Required action =
Please return every line below that contains the string "first".

[Dataset excerpts]

──────

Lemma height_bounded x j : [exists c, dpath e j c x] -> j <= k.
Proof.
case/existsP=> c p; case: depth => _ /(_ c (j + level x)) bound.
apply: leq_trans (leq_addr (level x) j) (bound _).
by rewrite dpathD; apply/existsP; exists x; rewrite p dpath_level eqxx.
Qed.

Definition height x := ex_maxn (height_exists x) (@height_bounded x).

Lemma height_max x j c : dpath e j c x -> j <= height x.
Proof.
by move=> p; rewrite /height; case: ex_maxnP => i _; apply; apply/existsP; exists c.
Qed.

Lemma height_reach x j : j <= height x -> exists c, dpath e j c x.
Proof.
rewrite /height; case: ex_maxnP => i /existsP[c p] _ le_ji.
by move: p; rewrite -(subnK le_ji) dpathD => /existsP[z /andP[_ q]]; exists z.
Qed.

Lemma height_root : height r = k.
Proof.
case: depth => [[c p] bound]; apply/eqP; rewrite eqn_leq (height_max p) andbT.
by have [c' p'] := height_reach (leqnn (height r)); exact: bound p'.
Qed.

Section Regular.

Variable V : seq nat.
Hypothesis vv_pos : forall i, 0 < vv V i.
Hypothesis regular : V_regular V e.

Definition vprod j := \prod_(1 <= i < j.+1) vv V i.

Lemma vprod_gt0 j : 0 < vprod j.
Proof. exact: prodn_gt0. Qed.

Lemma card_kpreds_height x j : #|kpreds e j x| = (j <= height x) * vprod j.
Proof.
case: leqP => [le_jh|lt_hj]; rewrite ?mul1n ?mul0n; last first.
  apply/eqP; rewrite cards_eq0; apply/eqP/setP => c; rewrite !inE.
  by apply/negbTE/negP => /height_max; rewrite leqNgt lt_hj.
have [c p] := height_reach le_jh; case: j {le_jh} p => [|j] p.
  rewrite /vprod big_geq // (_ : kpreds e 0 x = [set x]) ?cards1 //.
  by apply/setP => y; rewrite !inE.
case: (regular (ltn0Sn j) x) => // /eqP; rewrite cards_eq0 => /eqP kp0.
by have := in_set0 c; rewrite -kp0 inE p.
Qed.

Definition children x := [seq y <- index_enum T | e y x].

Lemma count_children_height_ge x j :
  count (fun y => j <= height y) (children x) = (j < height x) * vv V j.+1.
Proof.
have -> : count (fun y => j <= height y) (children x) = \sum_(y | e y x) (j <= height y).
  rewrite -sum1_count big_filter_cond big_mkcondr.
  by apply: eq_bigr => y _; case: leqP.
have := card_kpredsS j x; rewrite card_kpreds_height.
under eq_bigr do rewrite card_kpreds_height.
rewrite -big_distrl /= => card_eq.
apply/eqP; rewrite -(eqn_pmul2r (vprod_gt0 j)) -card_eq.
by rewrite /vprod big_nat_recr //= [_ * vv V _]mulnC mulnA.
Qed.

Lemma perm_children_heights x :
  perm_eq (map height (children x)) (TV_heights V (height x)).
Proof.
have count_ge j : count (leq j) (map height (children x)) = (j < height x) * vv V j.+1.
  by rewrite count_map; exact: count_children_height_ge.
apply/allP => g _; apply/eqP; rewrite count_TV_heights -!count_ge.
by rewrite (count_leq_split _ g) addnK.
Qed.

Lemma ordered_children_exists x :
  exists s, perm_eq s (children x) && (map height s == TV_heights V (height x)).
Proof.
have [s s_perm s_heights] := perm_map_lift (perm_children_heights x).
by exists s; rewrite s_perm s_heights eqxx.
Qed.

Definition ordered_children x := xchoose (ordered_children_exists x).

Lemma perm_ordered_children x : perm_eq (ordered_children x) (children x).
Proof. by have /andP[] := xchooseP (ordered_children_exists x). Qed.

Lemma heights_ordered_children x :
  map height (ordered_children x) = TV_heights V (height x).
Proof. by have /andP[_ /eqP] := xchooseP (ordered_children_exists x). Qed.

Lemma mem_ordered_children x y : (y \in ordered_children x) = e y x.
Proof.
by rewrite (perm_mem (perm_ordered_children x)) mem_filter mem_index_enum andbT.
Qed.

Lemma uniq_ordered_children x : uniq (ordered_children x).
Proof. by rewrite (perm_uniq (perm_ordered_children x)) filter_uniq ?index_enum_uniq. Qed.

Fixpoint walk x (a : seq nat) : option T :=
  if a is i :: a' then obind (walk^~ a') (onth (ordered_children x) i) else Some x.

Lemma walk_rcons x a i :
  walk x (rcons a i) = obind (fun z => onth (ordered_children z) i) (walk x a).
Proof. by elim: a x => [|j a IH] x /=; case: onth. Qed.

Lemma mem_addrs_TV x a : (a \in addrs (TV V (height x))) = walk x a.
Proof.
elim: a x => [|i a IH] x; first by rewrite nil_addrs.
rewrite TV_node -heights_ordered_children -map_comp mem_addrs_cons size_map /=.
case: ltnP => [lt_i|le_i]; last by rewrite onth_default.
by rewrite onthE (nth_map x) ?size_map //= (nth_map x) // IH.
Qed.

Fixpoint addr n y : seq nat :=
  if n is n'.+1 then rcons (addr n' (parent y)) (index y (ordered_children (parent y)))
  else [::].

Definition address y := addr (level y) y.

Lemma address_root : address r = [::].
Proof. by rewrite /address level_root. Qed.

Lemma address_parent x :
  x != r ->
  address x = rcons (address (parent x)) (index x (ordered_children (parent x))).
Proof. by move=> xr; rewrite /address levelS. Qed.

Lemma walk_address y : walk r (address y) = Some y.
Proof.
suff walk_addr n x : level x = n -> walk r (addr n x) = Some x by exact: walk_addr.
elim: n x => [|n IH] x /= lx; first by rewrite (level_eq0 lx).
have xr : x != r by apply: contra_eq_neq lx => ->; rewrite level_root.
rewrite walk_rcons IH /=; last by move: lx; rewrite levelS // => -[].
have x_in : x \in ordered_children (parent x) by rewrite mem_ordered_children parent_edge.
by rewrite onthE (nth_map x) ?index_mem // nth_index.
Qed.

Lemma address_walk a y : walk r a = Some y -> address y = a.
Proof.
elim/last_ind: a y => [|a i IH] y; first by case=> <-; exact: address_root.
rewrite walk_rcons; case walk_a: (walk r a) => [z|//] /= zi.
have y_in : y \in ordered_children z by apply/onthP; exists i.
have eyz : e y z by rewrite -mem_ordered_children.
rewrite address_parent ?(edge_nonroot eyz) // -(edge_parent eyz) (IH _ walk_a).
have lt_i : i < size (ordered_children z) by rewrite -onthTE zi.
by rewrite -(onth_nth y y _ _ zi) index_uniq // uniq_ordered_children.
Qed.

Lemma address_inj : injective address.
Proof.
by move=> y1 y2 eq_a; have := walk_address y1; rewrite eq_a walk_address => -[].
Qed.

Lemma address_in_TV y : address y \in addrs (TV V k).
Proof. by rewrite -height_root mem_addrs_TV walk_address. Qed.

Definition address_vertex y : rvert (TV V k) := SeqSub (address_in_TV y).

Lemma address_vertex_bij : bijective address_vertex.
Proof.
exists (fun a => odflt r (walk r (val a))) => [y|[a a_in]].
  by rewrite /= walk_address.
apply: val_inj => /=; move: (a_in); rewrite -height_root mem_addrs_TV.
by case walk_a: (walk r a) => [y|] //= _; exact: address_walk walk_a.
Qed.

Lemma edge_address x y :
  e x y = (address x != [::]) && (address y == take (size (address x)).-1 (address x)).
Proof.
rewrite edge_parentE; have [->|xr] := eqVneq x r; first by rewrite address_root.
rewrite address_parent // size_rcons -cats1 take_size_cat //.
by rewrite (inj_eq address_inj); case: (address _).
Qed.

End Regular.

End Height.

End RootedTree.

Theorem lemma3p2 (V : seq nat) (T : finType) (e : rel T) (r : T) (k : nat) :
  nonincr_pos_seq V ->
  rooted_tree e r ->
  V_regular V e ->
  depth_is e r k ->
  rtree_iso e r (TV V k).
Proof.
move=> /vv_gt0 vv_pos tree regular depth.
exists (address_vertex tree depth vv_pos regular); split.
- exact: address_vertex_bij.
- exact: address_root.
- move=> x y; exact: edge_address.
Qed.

──────

Exercise response =
case: leqP => [le_jh|lt_hj]; rewrite ?mul1n ?mul0n; last first.
elim: a x => [|i a IH] x; first by rewrite nil_addrs.
elim: n x => [|n IH] x /= lx; first by rewrite (level_eq0 lx).
elim/last_ind: a y => [|a i IH] y; first by case=> <-; exact: address_root.
rewrite edge_parentE; have [->|xr] := eqVneq x r; first by rewrite address_root.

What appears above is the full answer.